As a result, it is common to see many researchers with very heterogeneous backgrounds applying for a single academic vacancy (Fernandes et al., 2020). This is not only an administrative load in the evaluation processes of academic positions but also a frustrating exercise for applicants who are impelled to design specific research and teaching programs for their applications. An accurate description of the researcher's role is pivotal, and the contracting party (i.e., the university or research institute) needs to set specific requirements for the vacancy. Nevertheless, academic roles cover a wide range of activities, some of them common to every research institution, such as the production and dissemination of research outputs; attraction of funding; lecturing and supervision of students; and participation in outreach activities. Other requirements for academic roles also take into account the structure, flexibility, and idiosyncrasy of each institution. Even within the same institution, the requirements may vary depending on the current necessities or priorities, as well as the vacancy profile.

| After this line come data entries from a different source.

Lemma energy_conserved (H1 : R -> R) :
  (forall z, is_derive H1 z (h1 z)) ->
  conserved_on U u (fun t x => px u t x ^ 2 + u t x ^ 2) (energy_flux H1 f1 h1 f0 h0).
Proof.
  intros HH1 [t x] Hp. cbn [fst snd].
  destruct (Hd (t, x) Hp) as [Hb Hw].
  pose proof (is_derive_energy_flux (u t) (px u t) (px (px u) t) x
    (smooth_on_is_derive_x U u Hs [] t x Hp)
    (smooth_on_is_derive_x U u Hs [false] t x Hp) Hw
    f1 h1 f0 h0 (pt u t) (px (pt u) t) _ _
    (smooth_on_is_derive_x U u Hs [false; true] t x Hp)
    (solution_is_derive_gm t x Hp) H1 HH1 Hb) as D.
  pose proof (is_derive_sum_sq (fun s => px u s x) (fun s => u s x) t _ _
    (smooth_on_is_derive_t U u Hs [false] t x Hp)
    (smooth_on_is_derive_t U u Hs [] t x Hp)) as Dt.
  split; [eexists; exact Dt |].
  split; [eexists; exact D |].
  rewrite (pt_of_is_derive (fun t x => px u t x ^ 2 + u t x ^ 2) t x _ Dt).
  rewrite (px_of_is_derive (flux_along (energy_flux H1 f1 h1 f0 h0) u) t x _ D).
  change (pder [true] u t x) with (pt u t x).
  change (pder [true; false] u t x) with (pt (px u) t x).
  change (pder [false; false; true] u t x) with (px (px (pt u)) t x).
  rewrite (pt_px_comm U u HU Hs t x Hp).
  pose proof (solution_residual t x Hp) as Hres.
  replace (pt u t x) with (- (px gm t x - px (px (pt u)) t x
             + fcoef f1 f0 (u t x) (px u t x) * (u t x - px (px u) t x))) by lra.
  ring.
Qed.

End Solution.

Theorem corollary1 :
  forall (f1 h1 : R -> R) (f0 h0 : R),
    smooth1 f1 -> smooth1 h1 ->
    exists Phi1 Phi2 : R -> R -> R -> R -> R -> R -> R,
      forall (U : R * R -> Prop) (u : R -> R -> R),
        open U -> smooth_on U u -> defined_on U u ->
        solves_on f1 h1 f0 h0 U u ->
        conserved_on U u u Phi1 /\
        conserved_on U u (fun t x => (px u t x) ^ 2 + (u t x) ^ 2) Phi2.
Proof.
  intros f1 h1 f0 h0 Hf1 Hh1.
  assert (Df1 : forall z, ex_derive f1 z) by exact (Hf1 0%nat).
  assert (Dh1 : forall z, ex_derive h1 z) by exact (Hh1 0%nat).
  exists (momentum_flux (fun z => RInt f1 0 z) f1 h1 f0 h0),
         (energy_flux (fun z => RInt h1 0 z) f1 h1 f0 h0).
  intros U u HU Hs Hd Hsol. split.
  - apply momentum_conserved; auto.
    apply is_derive_RInt_0. intros z. apply (ex_derive_continuous (K := R_AbsRing) (V := R_NormedModule)), Df1.
  - apply energy_conserved; auto.
    apply is_derive_RInt_0. intros z. apply (ex_derive_continuous (K := R_AbsRing) (V := R_NormedModule)), Dh1.
Qed.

Several suggestions have been recently outlining the requirements, needs, and priorities of the institution (Guimaraes et al., 2019), including fair comparison among candidates applying for a vacancy (Bradshaw et al., 2021). To our knowledge, none of them have been extensively implemented, though some institutions have developed procedures where they are considered, as is the case for the Résumé for Researchers by the Royal Society in the United Kingdom.
The temptation of metrics
Academic applications are usually evaluated by senior and highly experienced scientists with a background in research evaluation metrics. These evaluators may be tempted to establish their evaluation criteria in standards, such as journal impact factor, number of citations, H-index, m-index, i10 index (Paulus et al., 2015; Tregoning, 2018), or a combination of multiple citation indicators (Ioannidis et al., 2016). These standards have been repeatedly questioned because of their biases (Bornman and Werner, 2014; Cameron et al., 2016). The abuse and misuse of the aforementioned indices are especially accentuated upon establishing individual ranks relative to the competition (Chapman et al., 2019; McKiernan et al., 2019). Numerous scientists have raised their voices against the excessive impact of these metrics (Callaway, 2016) following Goodhart's law: “when a measure becomes the target, it ceases to be a good measure.” Some institutions are aware of the pitfalls of using journal impact factors as a surrogate of research quality. This awareness has followed declarations such as DORA (San Francisco Declaration of Research Assessment) (Raff, 2013), the HEFCE Metric Tide report (Wilsdon, 2015), and the Leiden manifesto (Hicks et al., 2015) for decision-making about science, specifically in the recruitment process of researchers. Unfortunately, these institutions are still rare, and most evaluators fall into classic evaluation metrics as they provide a number (= datum), which seems providential to rank all candidates into a short list. Classic evaluations have increased the value placed on research at the expense of other academic responsibilities (e.g., teaching, outreach, and service), which often results in an incongruity between how faculty actually spend their time vs. what is considered pivotal in their evaluation (Schimanski and Alperin, 2018; Alperin et al., 2019).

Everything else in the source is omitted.